The hand is modeled as a 3D articulated object with 21 DOF of the joint angles (hand configuration) and 6 DOF of global rotation and translations. A hand pose is defined by a hand configuration augmented by the 3 DOF global rotation parameters. The main problem of analysis by synthesis is the complexity in such a high dimension space. The size of the synthesis database grows exponentially with respect to the parameter's accuracy. Even though the articulation of the hand is highly constrained, the complexity is still intractable for both database processing and image retrieval. 

We formulate hand pose reconstruction as a nonlinear mapping problem between the angle vectors (hand configurations) and the images. Generally, such mapping is a many-to-many mapping in high dimension space. Due to occlusions, different hand poses could be rendered to the same images. On the other hand, the same pose is rendered from the different view points and generates many images. To simplify the problem, we eliminate the second case by augmenting the hand configuration vector with the 3 global rotation parameters. The mapping from the images to the augmented hand configurations becomes a one-to-many mapping problem between the image space and the augmented hand configuration space (the hand pose space). We establish the one-to-many mapping between the feature space and the hand pose space with the proposed ISOSOM algorithm. The experimental results shows that our algorithm is better than traditional image retrieval algorithms.

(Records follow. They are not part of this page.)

(* Let $T>0$ and $\mathbf{u}\in C([0,T];X)$. Then for every $t\in[0,T]$ the map $(\mathbf{y},\mathbf{x})\mapsto\gamma(\mathbf{u})(\mathbf{y},\mathbf{x},t)$ on $\Omega\times\Omega$ is measurable, and for almost all $(\mathbf{y},\mathbf{x})$ the map $t\mapsto\gamma(\mathbf{u})(\mathbf{y},\mathbf{x},t)$ is continuous on $[0,T]$. Moreover, there is a constant $C$, independent of the vector fields, such that for all $\mathbf{u},\mathbf{w}\in C([0,T];X)$, almost all $(\mathbf{y},\mathbf{x})\in\Omega\times\Omega$ with $|\mathbf{y}-\mathbf{x}|<\epsilon$, and all $t\in[0,T]$, $$|\gamma(\mathbf{u})(\mathbf{y},\mathbf{x},t)-\gamma(\mathbf{w})(\mathbf{y},\mathbf{x},t)|\le \|\mathbf{u}-\mathbf{w}\|_{C([0,T];X)}\,\frac{C}{|\mathbf{y}-\mathbf{x}|}.$$
   Context: Let $d\in\{2,3\}$, $\Omega\subset\mathbb{R}^d$ a bounded domain, $\epsilon>0$ a horizon, $L>0$ a length and $\overline{\mu}>0$. For a time-dependent displacement $\mathbf{u}(t,\cdot):\Omega\to\mathbb{R}^d$ and $\mathbf{y}\ne\mathbf{x}$, with $\mathbf{e}=(\mathbf{y}-\mathbf{x})/|\mathbf{y}-\mathbf{x}|$, the strain is $S(\mathbf{y},\mathbf{x},\mathbf{u}(t))=(\mathbf{u}(t,\mathbf{y})-\mathbf{u}(t,\mathbf{x}))\cdot\mathbf{e}/|\mathbf{y}-\mathbf{x}|$, the memory strain is $S^*(t,\mathbf{y},\mathbf{x},\mathbf{u})=\max_{0\le\tau\le t}S(\mathbf{y},\mathbf{x},\mathbf{u}(\tau))$ and $r^*=\sqrt{|\mathbf{y}-\mathbf{x}|/L}\,S^*(t,\mathbf{y},\mathbf{x},\mathbf{u})$. The failure envelope is the derivative $g'$ of a convex–concave potential $g$ with parameters $0<r^L\le r^C<r^F$: $g'(r)=\overline{\mu}r$ for $r\le r^L$, $g'$ becomes nonlinear beyond $r^L$ (strain hardening between $r^L$ and $r^C$) and decreases to $0$ at $r^F$, with $g'(r)=0$ for $r\ge r^F$ (e.g. the bilinear law $g'(r)=\overline{\mu}r$ for $r<r^C$, $g'(r)=\overline{\mu}r^C\frac{r^F-r}{r^F-r^C}$ for $r^C\le r\le r^F$, $0$ for $r>r^F$). The two-point phase field is $\gamma(\mathbf{u})(\mathbf{y},\mathbf{x},t)=\frac{g'(r^* )}{\overline{\mu}\,r^*}\in[0,1]$ (equal to $1$ when $r^*\le r^L$). Let $\mathcal{U}=\{\mathbb{Q}\mathbf{x}+\mathbf{c}:\ \mathbb{Q}^T=-\mathbb{Q}\}$ be the rigid motions and $X$ the subspace of $L^\infty(\Omega;\mathbb{R}^d)$ of fields $L^2$-orthogonal to $\mathcal{U}$; $C([0,T];X)$ has norm $\sup_{0\le t\le T}\|\mathbf{u}(t)\|_{L^\infty}$. *)

From HB Require Import structures.
From mathcomp Require Import all_boot all_order all_algebra.
From mathcomp Require Import all_classical all_reals all_analysis.
Set Implicit Arguments. Unset Strict Implicit. Unset Printing Implicit Defensive.
Import Order.TTheory GRing.Theory Num.Theory.
Import numFieldNormedType.Exports.
Local Open Scope classical_set_scope.
Local Open Scope ring_scope.

Section Defs.
Variable R : realType.

(* Points of R^n are n-tuples of reals (carrying the Borel product sigma-algebra). *)
Local Notation pt n := (n.-tuple R).

Definition vsub n (a b : pt n) : pt n := [tuple tnth a i - tnth b i | i < n].
Definition vadd n (a b : pt n) : pt n := [tuple tnth a i + tnth b i | i < n].
Definition vscale n (c : R) (a : pt n) : pt n := [tuple c * tnth a i | i < n].
Definition dot n (a b : pt n) : R := \sum_(i < n) tnth a i * tnth b i.
Definition enorm n (a : pt n) : R := Num.sqrt (dot a a).

Definition box n (a b : pt n) : set (pt n) :=
  [set y | forall i : 'I_n, tnth a i <= tnth y i <= tnth b i].
Definition vol n (a b : pt n) : R := \prod_(i < n) Num.max 0 (tnth b i - tnth a i).

Definition leb_outer n (A : set (pt n)) : \bar R :=
  ereal_inf [set (\sum_(k <oo) ((vol (ab.1 k) (ab.2 k))%:E))%E |
             ab in [set ab : (nat -> pt n) * (nat -> pt n) |
                    A `<=` \bigcup_k box (ab.1 k) (ab.2 k)]].

Definition null n (A : set (pt n)) : Prop := leb_outer A = 0%E.

(* Lebesgue-null subsets of R^d x R^d = R^(2d) *)
Definition null2 n (N : set (pt n * pt n)) : Prop :=
  null ((fun p : pt n * pt n => cat_tuple p.1 p.2) @` N).

Definition ae2 n (A : set (pt n * pt n)) (P : pt n -> pt n -> Prop) : Prop :=
  exists N, null2 N /\ forall y x, A (y, x) -> ~ N (y, x) -> P y x.

(* bounded domain: nonempty, open, connected, bounded (Euclidean topology) *)
Definition eopen n (A : set (pt n)) : Prop :=
  forall x, A x -> exists r : R, 0 < r /\ [set y | enorm (vsub y x) < r] `<=` A.
Definition bounded_domain n (Om : set (pt n)) : Prop :=
  [/\ Om !=set0, eopen Om,
      (forall A B : set (pt n), eopen A -> eopen B -> Om `<=` A `|` B ->
         Om `&` A `&` B = set0 -> Om `&` A = set0 \/ Om `&` B = set0)
    & exists M : R, forall x, Om x -> enorm x <= M].

Definition linf n (Om : set (pt n)) (f : pt n -> pt n) : \bar R :=
  ereal_inf [set M%:E | M in [set M : R | null (Om `&` [set x | M < enorm (f x)])]].

Definition rigid n (Q : 'M[R]_n) (c : pt n) (x : pt n) : pt n :=
  [tuple (\sum_(j < n) Q i j * tnth x j) + tnth c i | i < n].

(* v belongs to X: measurable, essentially bounded, L^2-orthogonal to rigid motions *)
Definition inX n (Om : set (pt n)) (v : pt n -> pt n) : Prop :=
  [/\ measurable_fun Om v,
      (linf Om v < +oo)%E
    & forall (Q : 'M[R]_n) (c : pt n), Q^T = - Q ->
        (\int[@leb_outer n]_(x in Om) (dot (v x) (rigid Q c x))%:E = 0)%E].

(* u in C([0,T]; X), u given as a map from times to (representatives of) fields *)
Definition inCX n (Om : set (pt n)) (T : R) (u : R -> pt n -> pt n) : Prop :=
  (forall t, 0 <= t <= T -> inX Om (u t)) /\
  (forall t, 0 <= t <= T -> forall e : R, 0 < e -> exists del : R, 0 < del /\
     forall s, 0 <= s <= T -> `|s - t| < del ->
       (linf Om (fun x => vsub (u s x) (u t x)) <= e%:E)%E).

(* norm of C([0,T];X) applied to u - w *)
Definition normCX n (Om : set (pt n)) (T : R) (u w : R -> pt n -> pt n) : \bar R :=
  ereal_sup [set linf Om (fun x => vsub (u t x) (w t x)) | t in `[0, T]%classic].

Definition strain n (y x : pt n) (v : pt n -> pt n) : R :=
  dot (vsub (v y) (v x)) (vscale (enorm (vsub y x))^-1 (vsub y x)) / enorm (vsub y x).

(* memory strain S^*(t,y,x,u): maximum over tau in [0,t], it is
   taken over the rational times tau in [0,t] (a countable dense set). *)
Definition mstrain n (u : R -> pt n -> pt n) (t : R) (y x : pt n) : \bar R :=
  ereal_sup [set (strain y x (u (ratr q : R)))%:E |
             q in [set q : rat | 0 <= (ratr q : R) <= t]].

Definition rstar n (Lc : R) (u : R -> pt n -> pt n) (t : R) (y x : pt n) : \bar R :=
  ((Num.sqrt (enorm (vsub y x) / Lc))%:E * mstrain u t y x)%E.

(* failure envelope g' (derivative of the convex-concave potential g) *)
Definition envelope (mu rL rC rF : R) (gp : R -> R) : Prop :=
  (0 < rL /\ rL <= rC /\ rC < rF) /\
  (forall r, r <= rL -> gp r = mu * r) /\
  (forall r, rF <= r -> gp r = 0) /\
  (forall r, rL <= r -> 0 <= gp r /\ gp r <= mu * r) /\
  (forall r s, r <= s -> s <= rC -> gp r <= gp s) /\
  (forall r s, rC <= r -> r <= s -> gp s <= gp r) /\
  (exists K : R, forall r s, `|gp r - gp s| <= K * `|r - s|).

Definition phase (mu rL : R) (gp : R -> R) (r : \bar R) : R :=
  match r with
  | EFin r => if r <= rL then 1 else gp r / (mu * r)
  | +oo%E => 0
  | -oo%E => 1
  end.

Definition gamma n (Lc mu rL : R) (gp : R -> R) (u : R -> pt n -> pt n)
  (y x : pt n) (t : R) : R := phase mu rL gp (rstar Lc u t y x).

End Defs.
Notation pt R n := (n.-tuple R).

Instead of representing each synthesis image by an isolated item in the database, We cluster the similar vectors generated by similar poses together and use the ground-truth samples to generate an organized structure in low dimension space. With such structure, we can interpolate the intermediate vector. This will greatly reduce the complexity. Based on Kohonen's Self-Organizing Map (SOM) and Tenenbaum's ISOMAP algorithm, we propose an ISOmetric Self-Organizing Mapping algorithm (ISOSOM). Instead of organizing the samples in the 2D grids by Euclidian distance, it utilizes the topological graph and geometric distance of the samples' manifold to define the metric relationships between samples and enable the SOM to follow better the topology of the underlying data set. The ISOSOM algorithm compresses information and automatically clusters the training samples in a low dimension space efficiently. Figure 1 gives an intuitive depiction of the ISOSOM map.

Figure 2. The ISOSOM for Hand Posture Estimation

1.4 Experimental Results

The retrieval results of ISOSOM are shown in Figure 3, where the first image is the query image. The second image is the pseudo ground truth. The rest 20 images are the retrieval results from the ISOSOM neurons.

Figure 3. The ISOSOM Hand Posture Retrieval Results

We compare the performances of the hand pose estimation by the traditional image
retrieval algorithm (IR), SOM and ISOSOM in Table 1. The IR is implemented by simply comparing the query image with each image in the synthesis dataset and retrieve the top N best match. The result shows that the correct match rate of the ISOSOM increases around 16:5% compared to IR, and increases around 5:6% compared to SOM. N is decided by the application requirements. In order to achieve more than 85% successful rate, IR requires retrieving more than 280 images which provide more than 280 hand pose possibilities. ISOSOM just requires less than half of that, and also has a higher precision rate. The retrieval rate curve is shown in Figure 4.

Figure 4. The retrieval rate curve


Haiying Guan, Feris S. Rogerio and Matthew Turk, "The Isometric Self-Organizing Map for 3D Hand Pose Estimation," accepted by Proc. 7th International Conference Automatic Face and Gesture Recognition, Southampton, UK, Apr. 10-12 2006.

Haiying Guan and Matthew Turk, "3D hand pose reconstruction with ISOSOM," Proc.
First International Symposium on Advances in Visual Computing, pages: 630 - 635. Lake Tahoe, NV, USA, Dec. 5-7, 2005.

Haiying Guan and Matthew Turk, "3D Hand Pose Reconstruction with ISOSOM", Technical Reports 2005-15, Department of Computer Science, University of California, Santa Barbara.